■ Exercise details: Where the records below reach the line containing "Variable n : nat.", start transcribing, and end with the line containing "Lemma upd_id F i : upd F i (F i) = F.", exactly and with nothing else added.

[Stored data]
********************
(* Let $(\mathfrak{g},[\cdot,\ldots,\cdot],\varepsilon,\alpha)$ be an $n$-Hom-Lie color algebra. Then $\mathfrak{g}$ admits a strict product structure if and only if $\mathfrak{g}$ admits a decomposition $\mathfrak{g}=\mathfrak{g}_+\oplus\mathfrak{g}_-$ into two nonzero $\Gamma$-graded subalgebras $\mathfrak{g}_+,\mathfrak{g}_-$ such that for every $1\le i\le n-1$, $[a_1,\ldots,a_i,b_{i+1},\ldots,b_n]=0$ for all $a_1,\ldots,a_i\in\mathfrak{g}_+$ and $b_{i+1},\ldots,b_n\in\mathfrak{g}_-$.
   Context: $\mathbb{K}$ is a field of characteristic zero and $\Gamma$ an abelian group. A bicharacter is a map $\varepsilon:\Gamma\times\Gamma\to\mathbb{K}\setminus\{0\}$ with $\varepsilon(a,b)\varepsilon(b,a)=1$, $\varepsilon(a,b+c)=\varepsilon(a,b)\varepsilon(a,c)$, $\varepsilon(a+b,c)=\varepsilon(a,c)\varepsilon(b,c)$. For homogeneous $x,y$, $\varepsilon(x,y)=\varepsilon(|x|,|y|)$ and $\varepsilon(x,y_1+\dots+y_k)=\varepsilon(|x|,|y_1|+\dots+|y_k|)$ ($=1$ for an empty sum). An $n$-Hom-Lie color algebra $(\mathfrak{g},[\cdot,\ldots,\cdot],\varepsilon,\alpha)$ is a $\Gamma$-graded vector space with an $n$-linear bracket of degree zero, a bicharacter $\varepsilon$ and a degree-zero linear map $\alpha$ such that for homogeneous elements: (i) $[x_1,\ldots,x_i,x_{i+1},\ldots,x_n]=-\varepsilon(x_i,x_{i+1})[x_1,\ldots,x_{i+1},x_i,\ldots,x_n]$; (ii) $[\alpha(x_1),\ldots,\alpha(x_{n-1}),[y_1,\ldots,y_n]]=\sum_{i=1}^n\varepsilon(x_1+\dots+x_{n-1},y_1+\dots+y_{i-1})[\alpha(y_1),\ldots,\alpha(y_{i-1}),[x_1,\ldots,x_{n-1},y_i],\alpha(y_{i+1}),\ldots,\alpha(y_n)]$. A $\Gamma$-graded subalgebra is a graded subspace $\mathfrak{h}=\bigoplus_\gamma(\mathfrak{h}\cap\mathfrak{g}_\gamma)$ with $\alpha(\mathfrak{h})\subseteq\mathfrak{h}$ and $[\mathfrak{h},\ldots,\mathfrak{h}]\subseteq\mathfrak{h}$. An almost product structure is a degree-zero linear map $\mathcal{P}:\mathfrak{g}\to\mathfrak{g}$ with $\mathcal{P}\neq\pm\mathrm{id}$ and $\mathcal{P}^2=\mathrm{id}$. A degree-zero linear map $\Theta$ is in the centroid if $\Theta\alpha=\alpha\Theta$ and $\Theta([x_1,x_2,\ldots,x_n])=[\Theta x_1,x_2,\ldots,x_n]$ for all $x_i$. A strict product structure is an almost product structure lying in the centroid. *)

From HB Require Import structures.
From mathcomp Require Import all_boot all_order all_algebra.
Set Implicit Arguments. Unset Strict Implicit. Unset Printing Implicit Defensive.
Import GRing.Theory.
Local Open Scope ring_scope.

(* Conventions: the n-ary bracket is a function br : ('I_n -> V) -> V,
   argument j : 'I_n is the (j+1)-th slot (0-based indices). *)

Section Defs.
Variables (K : fieldType) (Gam : zmodType) (V : lmodType K).

Definition subspace (S : V -> Prop) : Prop :=
  S 0 /\ (forall x y, S x -> S y -> S (x + y)) /\
  (forall (k : K) x, S x -> S (k *: x)).

Definition grading (G : Gam -> V -> Prop) : Prop :=
  (forall g, subspace (G g)) /\
  (forall x, exists (s : seq Gam) (c : Gam -> V),
      uniq s /\ (forall g, G g (c g)) /\ x = \sum_(g <- s) c g) /\
  (forall (s : seq Gam) (c : Gam -> V), uniq s -> (forall g, G g (c g)) ->
      \sum_(g <- s) c g = 0 -> forall g, g \in s -> c g = 0).

Definition bicharacter (eps : Gam -> Gam -> K) : Prop :=
  (forall a b, eps a b != 0) /\
  (forall a b, eps a b * eps b a = 1) /\
  (forall a b c, eps a (b + c) = eps a b * eps a c) /\
  (forall a b c, eps (a + b) c = eps a c * eps b c).

Definition klinear (f : V -> V) : Prop :=
  forall (k : K) x y, f (k *: x + y) = k *: f x + f y.

Definition deg0 (G : Gam -> V -> Prop) (f : V -> V) : Prop :=
  klinear f /\ (forall g x, G g x -> G g (f x)).

Definition upd n (f : 'I_n -> V) (i : 'I_n) (v : V) : 'I_n -> V :=
  fun j => if j == i then v else f j.

Definition swapf n (f : 'I_n -> V) (i j : 'I_n) : 'I_n -> V :=
  fun k => if k == i then f j else if k == j then f i else f k.

Definition nHomLieColor n (G : Gam -> V -> Prop) (br : ('I_n -> V) -> V)
    (eps : Gam -> Gam -> K) (alpha : V -> V) : Prop :=
  grading G /\ bicharacter eps /\ deg0 G alpha /\
  (forall (f : 'I_n -> V) (i : 'I_n), klinear (fun v => br (upd f i v))) /\
  (forall (f : 'I_n -> V) (d : 'I_n -> Gam),
      (forall j, G (d j) (f j)) -> G (\sum_(j < n) d j) (br f)) /\
  (forall (f : 'I_n -> V) (d : 'I_n -> Gam) (i j : 'I_n),
      (forall k, G (d k) (f k)) -> nat_of_ord j = (nat_of_ord i).+1 ->
      br f = - (eps (d i) (d j) *: br (swapf f i j))) /\
  (* (ii) n-Hom-Lie color identity; x_1..x_{n-1} are x 0 .. x (n-2)
     (the last entry of x is unused) *)
  (forall (x y : 'I_n -> V) (dx dy : 'I_n -> Gam),
      (forall k : 'I_n, (k < n.-1)%N -> G (dx k) (x k)) ->
      (forall k : 'I_n, G (dy k) (y k)) ->
      br (fun j : 'I_n => if (j < n.-1)%N then alpha (x j) else br y) =
      \sum_(i < n)
         eps (\sum_(k < n | (k < n.-1)%N) dx k) (\sum_(k < n | (k < i)%N) dy k) *:
         br (fun j : 'I_n => if j == i
                             then br (fun l : 'I_n => if (l < n.-1)%N then x l else y i)
                             else alpha (y j))).

Definition graded_subalgebra n (G : Gam -> V -> Prop) (br : ('I_n -> V) -> V)
    (alpha : V -> V) (h : V -> Prop) : Prop :=
  subspace h /\
  (forall x, h x -> exists (s : seq Gam) (c : Gam -> V),
      uniq s /\ (forall g, G g (c g) /\ h (c g)) /\ x = \sum_(g <- s) c g) /\
  (forall x, h x -> h (alpha x)) /\
  (forall f : 'I_n -> V, (forall j, h (f j)) -> h (br f)).

Definition almost_product (G : Gam -> V -> Prop) (P : V -> V) : Prop :=
  deg0 G P /\ ~ (forall x, P x = x) /\ ~ (forall x, P x = - x) /\
  (forall x, P (P x) = x).

Definition centroid n (G : Gam -> V -> Prop) (br : ('I_n -> V) -> V)
    (alpha : V -> V) (T : V -> V) : Prop :=
  deg0 G T /\ (forall x, T (alpha x) = alpha (T x)) /\
  (forall (f : 'I_n -> V) (i0 : 'I_n), nat_of_ord i0 = 0%N ->
      T (br f) = br (upd f i0 (T (f i0)))).

Definition strict_product n G br alpha (P : V -> V) : Prop :=
  almost_product G P /\ @centroid n G br alpha P.

End Defs.

(* For a strict product structure P, the bracket commutes with P in every slot:
   the centroid axiom gives slot 0, and color skew-symmetry moves P one slot to
   the right at a time.  Hence the eigenspaces g+ and g- of P for 1 and -1 are
   graded subalgebras, and a bracket with first argument in g+ and last argument
   in g- is equal both to its image under P and to the opposite of it, so it
   vanishes.  Conversely, given g = g+ (+) g-, let P be 1 on g+ and -1 on g-.
   A bracket whose arguments all lie in g+ or in g- but not all in the same one
   vanishes, because skew-symmetry sorts its arguments so that those in g+ come
   first, up to a nonzero scalar; so P commutes with the bracket.  In both
   directions the computations are done on homogeneous arguments and extended to
   all arguments by multilinearity. *)

From HB Require Import structures.
From mathcomp Require Import all_boot all_order all_algebra.
From Stdlib Require Import Classical ClassicalEpsilon FunctionalExtensionality.
Import GRing.Theory.
Local Open Scope ring_scope.
Set Implicit Arguments. Unset Strict Implicit.

Section LinearAlgebra.
Variables (K : fieldType) (V : lmodType K).
Implicit Types (f : V -> V) (S : V -> Prop) (x y : V).

Lemma klinear0 f : klinear f -> f 0 = 0.
Proof.
move=> lin_f; have := lin_f 1 0 0; rewrite !scale1r addr0 => /esym e.
by apply: (@addrI _ (f 0)); rewrite addr0.
Qed.

Lemma klinearD f x y : klinear f -> f (x + y) = f x + f y.
Proof. by move=> lin_f; rewrite -{1}[x]scale1r lin_f scale1r. Qed.

Lemma klinearZ f (k : K) x : klinear f -> f (k *: x) = k *: f x.
Proof. by move=> lin_f; rewrite -[k *: x]addr0 lin_f klinear0 // addr0. Qed.

Lemma klinearN f x : klinear f -> f (- x) = - f x.
Proof. by move=> lin_f; rewrite -scaleN1r klinearZ // scaleN1r. Qed.

Lemma klinear_sum f (I : Type) (s : seq I) (c : I -> V) :
  klinear f -> f (\sum_(i <- s) c i) = \sum_(i <- s) f (c i).
Proof.
move=> lin_f; elim: s => [|i s IHs]; first by rewrite !big_nil klinear0.
by rewrite !big_cons klinearD // IHs.
Qed.

Lemma klinear_comp f g : klinear f -> klinear g -> klinear (fun x => f (g x)).
Proof. by move=> lin_f lin_g k x y; rewrite lin_g lin_f. Qed.

Lemma klinear_sub f g : klinear f -> klinear g -> klinear (fun x => f x - g x).
Proof. by move=> lin_f lin_g k x y; rewrite lin_f lin_g scalerBr opprD addrACA. Qed.

Lemma subspace0 S : subspace S -> S 0.
Proof. by case. Qed.

Lemma subspaceD S x y : subspace S -> S x -> S y -> S (x + y).
Proof. by case=> _ [S_add _]; apply: S_add. Qed.

Lemma subspaceZ S (k : K) x : subspace S -> S x -> S (k *: x).
Proof. by case=> _ [_ S_scale]; apply: S_scale. Qed.

Lemma subspaceN S x : subspace S -> S x -> S (- x).
Proof. by move=> sS Sx; rewrite -scaleN1r; apply: subspaceZ. Qed.

Lemma subspaceB S x y : subspace S -> S x -> S y -> S (x - y).
Proof. by move=> sS Sx Sy; apply: subspaceD (subspaceN _ _). Qed.

Lemma eq_oppr_eq0 x : 2 \notin [pchar K] -> x = - x -> x = 0.
Proof.
rewrite inE /= => two_neq0 /eqP.
by rewrite -subr_eq0 opprK -mulr2n -scaler_nat scaler_eq0 (negbTE two_neq0) => /eqP.
Qed.

Lemma big_uniq_widen (I : eqType) (s u : seq I) (c : I -> V) :
  uniq s -> uniq u -> {subset s <= u} ->
  \sum_(i <- s) c i = \sum_(i <- u) (if i \in s then c i else 0).
Proof.
move=> uniq_s uniq_u sub_su; rewrite -big_mkcond -big_filter; apply: perm_big.
apply: uniq_perm; first by [].
- by rewrite filter_uniq.
- by move=> i; rewrite mem_filter andb_idr //; apply: sub_su.
Qed.

Definition is_sum_of (B : V -> Prop) x :=
  exists2 l : seq V, (forall v, v \in l -> B v) & x = \sum_(v <- l) v.

Section Slots.
Variable n : nat.
Implicit Types (F : 'I_n -> V) (i j k : 'I_n).

Lemma upd_eq F i v : upd F i v i = v.
Proof. by rewrite /upd eqxx. Qed.

Lemma upd_neq F i j v : j != i -> upd F i v j = F j.
Proof. by rewrite /upd => /negbTE ->. Qed.

Lemma upd_id F i : upd F i (F i) = F.
Proof. by apply: functional_extensionality => j; rewrite /upd; case: eqP => // ->. Qed.

Lemma upd_upd F i v w : upd (upd F i v) i w = upd F i w.
Proof. by apply: functional_extensionality => j; rewrite /upd; case: eqP. Qed.

Lemma upd_updC F i k v w : i != k -> upd (upd F i v) k w = upd (upd F k w) i v.
Proof.
move=> ik; apply: functional_extensionality => j; rewrite /upd.
by case: eqP => // ->; rewrite eq_sym (negbTE ik).
Qed.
********************
■ Output for this exercise:
Variable n : nat.
Implicit Types (F : 'I_n -> V) (i j k : 'I_n).

Lemma upd_eq F i v : upd F i v i = v.
Proof. by rewrite /upd eqxx. Qed.

Lemma upd_neq F i j v : j != i -> upd F i v j = F j.
Proof. by rewrite /upd => /negbTE ->. Qed.

Lemma upd_id F i : upd F i (F i) = F.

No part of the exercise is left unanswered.